Required action |
Below is some data. Retype exactly the lines starting at the one with "unbordered (rs_factor (4" and ending at the one with "have -> : 4 * (i - 2)".

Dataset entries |
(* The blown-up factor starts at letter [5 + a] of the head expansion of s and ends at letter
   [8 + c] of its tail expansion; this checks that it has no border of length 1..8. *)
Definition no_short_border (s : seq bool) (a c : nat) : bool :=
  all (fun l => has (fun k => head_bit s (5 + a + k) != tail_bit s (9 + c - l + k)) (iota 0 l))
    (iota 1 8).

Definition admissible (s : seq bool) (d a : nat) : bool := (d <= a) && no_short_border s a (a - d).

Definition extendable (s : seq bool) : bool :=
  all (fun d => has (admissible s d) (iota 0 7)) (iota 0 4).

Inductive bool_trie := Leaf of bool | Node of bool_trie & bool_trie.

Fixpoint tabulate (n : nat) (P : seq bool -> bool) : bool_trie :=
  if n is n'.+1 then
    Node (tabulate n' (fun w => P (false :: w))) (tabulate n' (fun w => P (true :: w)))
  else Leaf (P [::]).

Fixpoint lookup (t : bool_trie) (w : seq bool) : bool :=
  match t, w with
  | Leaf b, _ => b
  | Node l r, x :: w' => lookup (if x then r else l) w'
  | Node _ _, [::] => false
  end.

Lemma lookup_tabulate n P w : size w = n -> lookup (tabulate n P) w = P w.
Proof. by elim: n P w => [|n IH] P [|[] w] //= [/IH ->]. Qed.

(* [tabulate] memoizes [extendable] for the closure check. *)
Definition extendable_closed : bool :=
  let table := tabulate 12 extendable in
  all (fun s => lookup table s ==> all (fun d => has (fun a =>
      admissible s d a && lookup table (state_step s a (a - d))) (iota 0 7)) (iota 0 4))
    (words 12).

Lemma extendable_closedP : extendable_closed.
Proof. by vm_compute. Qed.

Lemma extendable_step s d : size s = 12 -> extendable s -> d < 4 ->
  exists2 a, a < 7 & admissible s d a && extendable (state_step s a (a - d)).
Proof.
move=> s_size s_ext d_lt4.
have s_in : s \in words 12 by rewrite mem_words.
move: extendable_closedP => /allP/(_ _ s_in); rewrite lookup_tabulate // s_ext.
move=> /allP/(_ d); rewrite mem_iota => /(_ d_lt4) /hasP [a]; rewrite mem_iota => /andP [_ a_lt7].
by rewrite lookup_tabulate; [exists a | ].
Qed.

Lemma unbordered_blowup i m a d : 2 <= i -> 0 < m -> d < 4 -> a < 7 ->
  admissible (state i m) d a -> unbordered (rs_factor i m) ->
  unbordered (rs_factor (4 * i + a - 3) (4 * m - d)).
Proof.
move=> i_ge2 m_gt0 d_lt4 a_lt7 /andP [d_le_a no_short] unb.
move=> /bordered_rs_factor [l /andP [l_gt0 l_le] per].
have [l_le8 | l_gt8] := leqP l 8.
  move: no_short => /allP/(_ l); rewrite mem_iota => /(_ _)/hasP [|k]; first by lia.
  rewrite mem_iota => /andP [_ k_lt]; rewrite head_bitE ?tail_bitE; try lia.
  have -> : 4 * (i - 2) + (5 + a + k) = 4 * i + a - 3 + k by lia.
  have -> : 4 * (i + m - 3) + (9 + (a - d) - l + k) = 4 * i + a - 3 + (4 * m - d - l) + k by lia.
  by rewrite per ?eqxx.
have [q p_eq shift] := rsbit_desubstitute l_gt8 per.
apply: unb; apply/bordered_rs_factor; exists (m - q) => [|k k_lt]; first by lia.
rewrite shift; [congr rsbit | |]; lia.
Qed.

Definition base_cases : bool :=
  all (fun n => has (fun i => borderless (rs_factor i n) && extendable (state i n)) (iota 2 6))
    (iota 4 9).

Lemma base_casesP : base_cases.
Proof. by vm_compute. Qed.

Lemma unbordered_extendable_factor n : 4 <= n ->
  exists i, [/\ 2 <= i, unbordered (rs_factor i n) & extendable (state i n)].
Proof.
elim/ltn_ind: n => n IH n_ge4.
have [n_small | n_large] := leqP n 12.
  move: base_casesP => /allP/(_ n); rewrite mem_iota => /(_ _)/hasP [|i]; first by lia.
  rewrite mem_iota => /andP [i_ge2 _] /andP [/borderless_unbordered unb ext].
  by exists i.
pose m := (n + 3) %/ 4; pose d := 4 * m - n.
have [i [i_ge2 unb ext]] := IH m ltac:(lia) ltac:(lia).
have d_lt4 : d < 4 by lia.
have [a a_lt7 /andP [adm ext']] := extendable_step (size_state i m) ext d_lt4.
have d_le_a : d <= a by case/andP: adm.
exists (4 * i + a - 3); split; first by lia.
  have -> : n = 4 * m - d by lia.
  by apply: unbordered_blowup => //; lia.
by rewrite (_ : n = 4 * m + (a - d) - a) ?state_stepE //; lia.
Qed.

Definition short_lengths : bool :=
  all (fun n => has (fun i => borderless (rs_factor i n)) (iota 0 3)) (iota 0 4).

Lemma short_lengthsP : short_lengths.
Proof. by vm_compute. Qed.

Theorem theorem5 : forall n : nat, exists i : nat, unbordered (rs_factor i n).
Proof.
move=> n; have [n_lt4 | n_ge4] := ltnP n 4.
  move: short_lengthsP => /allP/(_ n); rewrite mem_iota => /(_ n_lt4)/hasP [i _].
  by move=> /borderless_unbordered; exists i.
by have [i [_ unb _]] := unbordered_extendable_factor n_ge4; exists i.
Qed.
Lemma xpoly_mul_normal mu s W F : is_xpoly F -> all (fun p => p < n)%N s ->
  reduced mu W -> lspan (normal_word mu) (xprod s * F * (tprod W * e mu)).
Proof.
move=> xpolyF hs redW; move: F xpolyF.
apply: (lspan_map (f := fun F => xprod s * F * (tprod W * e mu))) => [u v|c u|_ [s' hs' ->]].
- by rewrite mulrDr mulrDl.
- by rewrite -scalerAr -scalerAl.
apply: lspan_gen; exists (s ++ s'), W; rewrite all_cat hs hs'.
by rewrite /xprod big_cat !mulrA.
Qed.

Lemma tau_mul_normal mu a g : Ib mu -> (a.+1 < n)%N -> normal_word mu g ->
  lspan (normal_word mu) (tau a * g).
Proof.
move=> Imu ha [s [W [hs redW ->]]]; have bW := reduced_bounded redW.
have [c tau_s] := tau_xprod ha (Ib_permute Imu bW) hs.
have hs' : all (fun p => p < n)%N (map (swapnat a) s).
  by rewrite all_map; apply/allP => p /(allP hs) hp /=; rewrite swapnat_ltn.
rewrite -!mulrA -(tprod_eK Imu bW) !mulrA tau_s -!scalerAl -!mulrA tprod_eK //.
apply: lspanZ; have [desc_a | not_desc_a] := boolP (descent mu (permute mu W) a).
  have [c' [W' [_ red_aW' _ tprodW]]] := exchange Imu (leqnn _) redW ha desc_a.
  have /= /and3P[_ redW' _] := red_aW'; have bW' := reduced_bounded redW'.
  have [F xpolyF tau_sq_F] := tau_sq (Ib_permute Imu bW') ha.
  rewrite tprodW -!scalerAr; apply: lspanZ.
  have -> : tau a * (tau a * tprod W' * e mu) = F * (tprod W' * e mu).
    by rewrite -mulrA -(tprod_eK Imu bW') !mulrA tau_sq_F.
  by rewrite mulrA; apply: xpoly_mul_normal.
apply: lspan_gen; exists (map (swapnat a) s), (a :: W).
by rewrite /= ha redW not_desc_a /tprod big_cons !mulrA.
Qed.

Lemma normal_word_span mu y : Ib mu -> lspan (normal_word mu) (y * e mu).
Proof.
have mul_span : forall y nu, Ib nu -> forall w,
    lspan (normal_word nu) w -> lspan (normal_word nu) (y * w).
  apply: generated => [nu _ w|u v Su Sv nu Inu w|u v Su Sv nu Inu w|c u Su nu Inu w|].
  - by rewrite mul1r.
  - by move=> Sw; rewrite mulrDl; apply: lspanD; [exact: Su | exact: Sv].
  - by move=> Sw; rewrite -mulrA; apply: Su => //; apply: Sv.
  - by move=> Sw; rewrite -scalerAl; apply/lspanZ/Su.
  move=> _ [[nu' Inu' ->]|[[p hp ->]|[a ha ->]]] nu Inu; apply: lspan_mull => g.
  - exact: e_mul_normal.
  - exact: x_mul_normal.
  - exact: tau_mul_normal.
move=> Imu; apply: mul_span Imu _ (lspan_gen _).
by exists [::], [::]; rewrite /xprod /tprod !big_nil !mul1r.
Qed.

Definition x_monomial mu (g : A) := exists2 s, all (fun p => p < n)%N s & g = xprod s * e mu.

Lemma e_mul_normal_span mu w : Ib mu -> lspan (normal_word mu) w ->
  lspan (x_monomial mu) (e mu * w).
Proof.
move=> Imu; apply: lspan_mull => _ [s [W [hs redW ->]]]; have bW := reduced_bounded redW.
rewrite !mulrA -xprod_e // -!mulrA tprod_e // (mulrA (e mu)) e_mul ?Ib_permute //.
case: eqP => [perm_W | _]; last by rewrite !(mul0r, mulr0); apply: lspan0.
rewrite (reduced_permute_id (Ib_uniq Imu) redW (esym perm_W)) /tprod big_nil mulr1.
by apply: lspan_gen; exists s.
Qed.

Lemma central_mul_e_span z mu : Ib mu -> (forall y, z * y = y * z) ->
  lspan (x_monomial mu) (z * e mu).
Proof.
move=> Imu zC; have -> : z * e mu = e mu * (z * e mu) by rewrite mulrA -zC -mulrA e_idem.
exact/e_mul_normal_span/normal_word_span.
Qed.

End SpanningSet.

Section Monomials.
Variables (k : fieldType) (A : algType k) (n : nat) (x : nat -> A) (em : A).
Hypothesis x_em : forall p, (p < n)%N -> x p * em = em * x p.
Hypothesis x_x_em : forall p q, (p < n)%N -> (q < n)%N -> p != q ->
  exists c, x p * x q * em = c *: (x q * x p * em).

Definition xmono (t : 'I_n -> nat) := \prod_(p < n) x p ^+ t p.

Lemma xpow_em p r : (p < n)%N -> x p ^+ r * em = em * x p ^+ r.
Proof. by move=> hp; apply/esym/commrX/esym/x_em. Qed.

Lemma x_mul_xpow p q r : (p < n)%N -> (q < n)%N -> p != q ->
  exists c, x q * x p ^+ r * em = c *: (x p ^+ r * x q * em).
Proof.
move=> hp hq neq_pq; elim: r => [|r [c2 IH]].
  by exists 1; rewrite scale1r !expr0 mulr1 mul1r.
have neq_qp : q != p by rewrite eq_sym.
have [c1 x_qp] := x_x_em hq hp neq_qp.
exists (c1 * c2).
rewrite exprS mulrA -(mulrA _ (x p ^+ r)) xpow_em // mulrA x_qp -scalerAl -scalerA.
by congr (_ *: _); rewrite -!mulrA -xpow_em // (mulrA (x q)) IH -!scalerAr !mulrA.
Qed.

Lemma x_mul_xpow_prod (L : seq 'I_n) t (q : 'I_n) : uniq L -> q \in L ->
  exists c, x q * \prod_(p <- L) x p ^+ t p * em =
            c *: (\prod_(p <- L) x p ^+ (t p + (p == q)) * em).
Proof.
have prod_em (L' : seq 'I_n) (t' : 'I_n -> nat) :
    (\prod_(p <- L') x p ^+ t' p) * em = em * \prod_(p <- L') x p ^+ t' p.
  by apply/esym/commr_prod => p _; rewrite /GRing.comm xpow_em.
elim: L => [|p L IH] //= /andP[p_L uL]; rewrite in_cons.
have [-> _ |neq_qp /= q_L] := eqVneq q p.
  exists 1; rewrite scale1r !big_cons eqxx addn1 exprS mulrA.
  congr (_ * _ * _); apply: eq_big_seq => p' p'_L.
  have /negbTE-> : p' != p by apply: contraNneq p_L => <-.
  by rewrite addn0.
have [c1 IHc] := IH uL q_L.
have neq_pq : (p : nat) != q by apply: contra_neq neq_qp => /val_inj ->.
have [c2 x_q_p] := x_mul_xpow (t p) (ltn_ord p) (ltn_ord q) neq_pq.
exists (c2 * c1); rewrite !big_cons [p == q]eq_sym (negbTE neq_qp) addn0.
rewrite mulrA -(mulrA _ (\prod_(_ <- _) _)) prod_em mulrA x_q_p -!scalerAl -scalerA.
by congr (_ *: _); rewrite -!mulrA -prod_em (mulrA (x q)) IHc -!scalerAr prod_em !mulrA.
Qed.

Solution |
  unbordered (rs_factor (4 * i + a - 3) (4 * m - d)).
Proof.
move=> i_ge2 m_gt0 d_lt4 a_lt7 /andP [d_le_a no_short] unb.
move=> /bordered_rs_factor [l /andP [l_gt0 l_le] per].
have [l_le8 | l_gt8] := leqP l 8.
  move: no_short => /allP/(_ l); rewrite mem_iota => /(_ _)/hasP [|k]; first by lia.
  rewrite mem_iota => /andP [_ k_lt]; rewrite head_bitE ?tail_bitE; try lia.
  have -> : 4 * (i - 2) + (5 + a + k) = 4 * i + a - 3 + k by lia.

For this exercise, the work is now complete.